A few miles away, in Louisiana, the situation is completely different after Medicaid expanded in 2015. Uninsured adults in Madison, for example, have since fallen by 8%, and many hospitals have been on the brink of bankruptcy because of free care provided to the needy managed to escape. Unreimbursed health costs were reduced by 55% in county hospitals, according to a 2021 study, while hospitals are generally in better shape than those in states that have chosen not to extend public insurance.

In Jefferson County, where Muhammad lives, by contrast, the hospital is in danger of closing. And if that happens, residents fear it will drag on – also private – prisons and schools. Until slavery was banned, the county was one of the richest in Mississippi. It is now one of the poorest, with 37% of the population living below the poverty line set for the US at $ 26,500 for a family of four. Almost 70% receive some form of state support.

A matter of economics or ideology?

In September, a report was published showing that if the state decided to expand Medicaid implementation it would add 11,300 jobs from 2022 to 2027, significantly reducing the costs incurred by hospitals due to patients’ inability to pay for their treatment. and it would eventually cover its costs and become profitable within a decade. But Governor Tate Reeves insists such a move would be dangerous.

In his budget proposal last year, Republican Reeves wrote: “I firmly believe it is not a good policy to add another 300,000 residents to state-funded health care.”

But Jefferson County needs the extra jobs that the expansion of insurance rights would bring. Unemployment stands at 18.4%.

What has slavery got to do with care?

In 1965, in a very important year for civil rights in the United States, the Lyndon Johnson administration attempted to introduce a federal care program for vulnerable populations – which consisted largely of black citizens. But it was the politicians of the South who put up the greatest resistance to citizens’ rights, who finally shaped the framework of federal health policy. To reassure their own resistance, it was decided that health would depend on state programs. Since then, the image remains fragmented.

Even so, says Jamila Misner, one of the directors of the Cornell Center for Equal Access to Health at Cornell University, it took constant political struggle to keep Medicaid alive. “The political compromises that emerged from these struggles paved the way for geographical inequalities.”

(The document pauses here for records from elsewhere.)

(* Let $\mathcal{G}$ be the complete quadrilateral, let $R$ be a commutative ring with $2=0$, let $A=M_R(\mathcal{G},1)$ and let $A'=A/\operatorname{Ann}(A)$ (a $5$-dimensional algebra). For each of the $4$ lines $\ell$ of $\mathcal{G}$, let $A'^\ell_0$ and $A'^\ell_1$ be the eigenspaces of the operator $\operatorname{ad}_\ell$ on $A'$ for the eigenvalues $0$ and $1$. Then for each line $\ell$, $A'=A'^\ell_0\oplus A'^\ell_1$ and \[ A'^\ell_0A'^\ell_0\subseteq A'^\ell_0,\quad A'^\ell_0A'^\ell_1\subseteq A'^\ell_1,\quad A'^\ell_1A'^\ell_1=0, \] i.e. $A'$ is a decomposition algebra with fusion law $0*0=\{0\}$, $0*1=1*0=\{1\}$, $1*1=\emptyset$. Moreover, the subspaces $A'^\ell_1$ coincide for all $4$ choices of $\ell$.
   Context: The complete quadrilateral is the partial linear space with $6$ points $a,b,c,x,y,z$ and $4$ lines $\{a,b,c\}$, $\{a,y,z\}$, $\{b,x,z\}$, $\{c,x,y\}$. For distinct collinear points $p,q$ (written $p\sim q$), $p\wedge q$ is the third point of their line. The nilpotent Matsuo algebra $A=M_R(\mathcal{G},1)$ is the free $R$-module with basis the points and commutative bilinear product $p\cdot q=0$ if $p=q$ or $p\not\sim q$, $p\cdot q=p+q+p\wedge q$ if $p\sim q$. $\operatorname{Ann}(A)=\{v\in A: vw=0\ \forall w\in A\}$, and $A'=A/\operatorname{Ann}(A)$ with induced product. For a line $\ell$ we write $\ell$ also for the sum of its three points, and $\operatorname{ad}_\ell(v)=\ell v$ (also on $A'$). *)

From HB Require Import structures.
From mathcomp Require Import all_boot all_order all_algebra.
Set Implicit Arguments. Unset Strict Implicit. Unset Printing Implicit Defensive.
Import GRing.Theory.
Local Open Scope ring_scope.

Definition pt := 'I_6.
Definition pa : pt := inord 0.
Definition pb : pt := inord 1.
Definition pc : pt := inord 2.
Definition px : pt := inord 3.
Definition py : pt := inord 4.
Definition pz : pt := inord 5.

Definition lines : seq {set pt} :=
  [:: [set pa; pb; pc]; [set pa; py; pz]; [set pb; px; pz]; [set pc; px; py]].

Definition coll (p q : pt) : bool :=
  (p != q) && has (fun l : {set pt} => (p \in l) && (q \in l)) lines.

(* p /\ q : the third point of the line through p and q (p if not collinear) *)
Definition wedge (p q : pt) : pt :=
  odflt p [pick r | [&& r != p, r != q &
     has (fun l : {set pt} => [&& p \in l, q \in l & r \in l]) lines]].

Section Matsuo.
Variable R : comPzRingType.

(* A = M_R(G,1): free R-module with basis the points, realised as 'rV[R]_6 *)
Definition A := 'rV[R]_6.
Definition bvec (p : pt) : A := delta_mx 0 p.

Definition bprod (p q : pt) : A :=
  if coll p q then bvec p + bvec q + bvec (wedge p q) else 0.

Definition amul (u v : A) : A :=
  \sum_(p : pt) \sum_(q : pt) (u 0 p * v 0 q) *: bprod p q.

Definition ann (v : A) : Prop := forall w : A, amul v w = 0.

Definition lvec (l : {set pt}) : A := \sum_(p in l) bvec p.

(* A' = A / Ann(A) is handled through representatives: v in A represents
   the class v + Ann(A).  [eig0 l v] says the class of v lies in the
   0-eigenspace A'^l_0 of ad_l on A', i.e. l v = 0 in A';
   [eig1 l v] says the class of v lies in A'^l_1, i.e. l v = v in A'. *)
Definition eig0 (l : {set pt}) (v : A) : Prop := ann (amul (lvec l) v).
Definition eig1 (l : {set pt}) (v : A) : Prop := ann (amul (lvec l) v - v).

End Matsuo.

From HB Require Import structures.
From mathcomp Require Import all_boot all_order all_algebra.
From Stdlib Require Import Ring.
Import GRing.Theory.
Local Open Scope ring_scope.

(* Ann(A) is the line of constant vectors.  Relabelling the points by an
   automorphism of the quadrilateral (the group S_4 permuting the four lines)
   is an automorphism of A, and these relabellings act transitively on the
   lines, so it suffices to treat the line {a, b, c}.  For it, ad_l v is
   congruent to 0 modulo Ann(A) iff v_x = v_y = v_z, and to v iff v takes
   equal values on the three non-collinear pairs {a, x}, {b, y}, {c, z}; the
   latter condition is invariant under every automorphism, so A'_1 does not
   depend on the line.  The fusion rules are then polynomial identities in
   the coordinates, valid in characteristic 2. *)

(* The points a, b, c, x, y, z are encoded by their indices 0, ..., 5, so
   that incidence questions are decided by computation. *)
Definition line_table : seq (seq nat) :=
  [:: [:: 0; 1; 2]; [:: 0; 4; 5]; [:: 1; 3; 5]; [:: 2; 3; 4]]%N.

Lemma linesE : lines = [seq [set p : pt | val p \in s] | s <- line_table].
Proof.
rewrite /lines /=; congr [:: _; _; _; _]; apply/setP => p.
all: by rewrite !inE -!val_eqE /= !inordK // orbA.
Qed.

Definition on_join (p q r : nat) : bool :=
  (p != q) && has (fun s => [&& p \in s, q \in s & r \in s]) line_table.

Lemma has_linesE (p q r : pt) :
  has (fun l : {set pt} => [&& p \in l, q \in l & r \in l]) lines =
  has (fun s => [&& val p \in s, val q \in s & val r \in s]) line_table.
Proof. by rewrite linesE has_map; apply: eq_has => s; rewrite /= !inE. Qed.

Lemma collE (p q : pt) : coll p q = on_join p q p.
Proof.
rewrite /coll /on_join -val_eqE; congr (_ && _).
rewrite linesE has_map; apply: eq_has => s; rewrite /= !inE.
by case: (val p \in s); rewrite ?andbT.
Qed.

Definition all_pts (P : pred nat) : bool := all P (iota 0 6).

Lemma all_ptsP (P : pred nat) : all_pts P -> forall p : pt, P p.
Proof. by move/allP=> P_all p; apply: P_all; rewrite mem_iota ltn_ord. Qed.

Lemma on_join_third {p q w : pt} : on_join p q w -> w != p -> w != q ->
  forall r : pt, on_join p q r = [|| r == p, r == q | r == w].
Proof.
have: all_pts (fun p => all_pts (fun q => all_pts (fun w => all_pts (fun r =>
  [==> on_join p q w, w != p, w != q =>
       on_join p q r == [|| r == p, r == q | r == w]])))).
  by [].
move=> checked pqw wp wq r.
move/all_ptsP/(_ p)/all_ptsP/(_ q)/all_ptsP/(_ w)/all_ptsP/(_ r): checked.
by move=> /implyP/(_ pqw)/implyP/(_ wp)/implyP/(_ wq)/eqP ->.
Qed.

Lemma on_join_coll {p q r : pt} : on_join p q r -> coll p q.
Proof.
rewrite collE => /andP[pq /hasP[s s_line /and3P[ps qs _]]].
by rewrite /on_join pq; apply/hasP; exists s; rewrite ?ps ?qs.
Qed.

Lemma wedge_third {p q : pt} : coll p q ->
  [/\ wedge p q != p, wedge p q != q & on_join p q (wedge p q)].
Proof.
move=> pq; have /andP[pq_neq _] : on_join p q p by rewrite -collE.
rewrite /wedge; case: pickP => [w /and3P[wp wq] | no_third].
  by rewrite has_linesE => pqw; split; rewrite // /on_join pq_neq.
have: all_pts (fun p => all_pts (fun q =>
  on_join p q p ==> has (fun w => [&& w != p, w != q & on_join p q w]) (iota 0 6))).
  by [].
move/all_ptsP/(_ p)/all_ptsP/(_ q); rewrite -collE pq => /hasP[w].
rewrite mem_iota => /andP[_ w_lt6] /and3P[wp wq /andP[_ pqw]].
case/negP: (negbT (no_third (Ordinal w_lt6))).
by apply/and3P; split; rewrite // has_linesE.
Qed.

Lemma bprod_coord (R : comPzRingType) (p q r : pt) :
  bprod R p q 0 r = (on_join p q r)%:R.
Proof.
rewrite /bprod; case: ifPn => [pq | npq]; last first.
  rewrite mxE; case: (boolP (on_join p q r)) => // /on_join_coll.
  by rewrite (negbTE npq).
have /andP[pq_neq _] := pq; have [wp wq pqw] := wedge_third pq.
rewrite (on_join_third pqw wp wq r) !mxE /= -!natrD; congr _%:R.
have [-> | rp] := eqVneq r p; first by rewrite (negbTE pq_neq) (eq_sym p) (negbTE wp).
have [-> | rq] := eqVneq r q; first by rewrite (eq_sym q) (negbTE wq).
by case: (r == wedge p q).
Qed.

Lemma pt_eqE (p q : pt) : (p == q) = (p == q :> nat).
Proof. by []. Qed.

Lemma forall_pt (P : pt -> Prop) :
  P pa -> P pb -> P pc -> P px -> P py -> P pz -> forall p, P p.
Proof.
have inordE i (i_lt6 : (i < 6)%N) : Ordinal i_lt6 = inord i.
  by apply: val_inj; rewrite /= inordK.
move=> Pa Pb Pc Px Py Pz [[|[|[|[|[|[|//]]]]]] p_lt6]; rewrite inordE.
- exact: Pa.
- exact: Pb.
- exact: Pc.
- exact: Px.
- exact: Py.
- exact: Pz.
Qed.

Lemma sum_pt (V : nmodType) (F : pt -> V) :
  \sum_p F p = F pa + F pb + F pc + F px + F py + F pz.
Proof.
rewrite !big_ord_recl big_ord0 addr0 !addrA.
by congr (_ + _ + _ + _ + _ + _); congr F; apply: val_inj; rewrite /= inordK.
Qed.

Definition automorphism (s : pt -> pt) : Prop :=
  forall p q r : pt, on_join (s p) (s q) (s r) = on_join p q r.

Lemma coll_aut {s : pt -> pt} :
  automorphism s -> forall p q, coll (s p) (s q) = coll p q.
Proof. by move=> s_aut p q; rewrite !collE s_aut. Qed.

Definition point_table (t : seq nat) (p : pt) : pt := inord (nth 0 t p).

Local Notation L0 := ([set pa; pb; pc] : {set pt}).

Lemma point_tableP (t line : seq nat) :
  [&& all_pts (fun p => (nth 0 t p < 6) && (nth 0 t (nth 0 t p) == p)),
      all_pts (fun p => all_pts (fun q => all_pts (fun r =>
        on_join (nth 0 t p) (nth 0 t q) (nth 0 t r) == on_join p q r)))
    & all_pts (fun p => (nth 0 t p \in [:: 0; 1; 2]) == (p \in line))]%N ->
  [/\ involutive (point_table t), automorphism (point_table t)
    & [set p : pt | val p \in line] = point_table t @^-1: L0].
Proof.
case/and3P=> /all_ptsP t_inv /all_ptsP t_aut /all_ptsP t_line.
have val_t p : point_table t p = nth 0 t p :> nat.
  by rewrite inordK //; case/andP: (t_inv p).
split.
- by move=> p; apply: val_inj; rewrite /= !val_t; case/andP: (t_inv p) => _ /eqP.
- move=> p q r; rewrite !val_t; apply/eqP.
  by move/all_ptsP/(_ q)/all_ptsP/(_ r): (t_aut p).
apply/setP => p; rewrite !inE !pt_eqE val_t !inordK // -(eqP (t_line p)) !inE.
by rewrite orbA.
Qed.

Lemma lines_transitive l : l \in lines ->
  exists s, [/\ involutive s, automorphism s & l = s @^-1: L0].
Proof.
rewrite linesE => /mapP[line line_in ->]; move: line_in; rewrite !inE.
(* Transposing line 0 with line i induces the involution of the points given
   by the table, a point being the intersection of two lines. *)
case/or4P => /eqP->.
- by exists (point_table [:: 0; 1; 2; 3; 4; 5]%N); apply: point_tableP.
- by exists (point_table [:: 0; 5; 4; 3; 2; 1]%N); apply: point_tableP.
- by exists (point_table [:: 5; 1; 3; 2; 4; 0]%N); apply: point_tableP.
- by exists (point_table [:: 4; 3; 2; 1; 0; 5]%N); apply: point_tableP.
Qed.

Lemma eq_of_diff {V : zmodType} {x y s t : V} : s = t -> x - y = s - t -> x = y.
Proof. by move=> -> /eqP; rewrite subrr subr_eq0 => /eqP. Qed.

Section MatsuoAlgebra.

Context {R : comPzRingType}.
Hypothesis char2 : 2%:R = 0 :> R.
Implicit Types (u v w : A R) (l : {set pt}).

(* Stdlib's [ring] recognises a ring by the syntactic form of its carrier and
   operations, which HB-generated terms do not have uniformly, so goals are
   first folded onto the following names.  The coefficient morphism from
   [bool] makes [ring] normalise modulo 2. *)
Definition char2T : Type := R.
Definition zero2 : char2T := 0.
Definition one2 : char2T := 1.
Definition add2 (x y : char2T) : char2T := x + y.
Definition mul2 (x y : char2T) : char2T := x * y.
Definition opp2 (x : char2T) : char2T := - x.
Definition sub2 (x y : char2T) : char2T := x - y.

Lemma char2_ring_theory : @ring_theory char2T zero2 one2 add2 mul2 sub2 opp2 eq.
Proof.
exact/mk_rt/subrr/(fun _ _ => erefl)/mulrDl/mulrA/mulrC/mul1r/addrA/addrC/add0r.
Qed.

Lemma opp1_char2 : - 1 = 1 :> R.
Proof. by apply/eqP; rewrite -subr_eq0 -opprD -mulr2n char2 oppr0. Qed.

Federal law stipulates that states must cover specific groups of low-income beneficiaries, such as families, people with disabilities, the elderly, pregnant women and children. But each state decides independently who else is entitled to coverage.

In 2012, the U.S. Supreme Court ruled that each state has the right to decide how to implement the Obamacare insurance coverage extension. The result has been a huge gap in some states: some people are too poor to be included in Obamacare, but not poor enough to qualify in the states to be admitted to Medicaid.

Twelve of the country’s fifty states, eight of them in the South, have refused to expand insurance coverage.

Louisiana Gov. John Bell Edwards chose to do so. Insured adults in his state have since increased by 40%.

Security in practice

Alvin Brown of Madison would have paid $ 9,000 for an emergency visit if he had not joined Medicaid. “Suddenly, I felt bad last May,” he recalls. His back hurt, while urination was painful. The next day he went to the emergency room and was informed that he had a kidney stone. His doctor prescribed him a medicine.

Two days later, he was still not feeling well. Eventually he had to be hospitalized, an hour away from his place of residence.

“It was the first time I went to the hospital,” he says. Eventually, he suffered from dehydration, which caused his kidneys to malfunction. “It was scary,” the 46-year-old father of a 15-year-old told the Guardian.

He did not know he was eligible for public insurance until a hospital employee asked him if he would be interested in joining the program. Coverage of the public treasury eventually amounted to $ 7,000 out of a total of $ 9,000.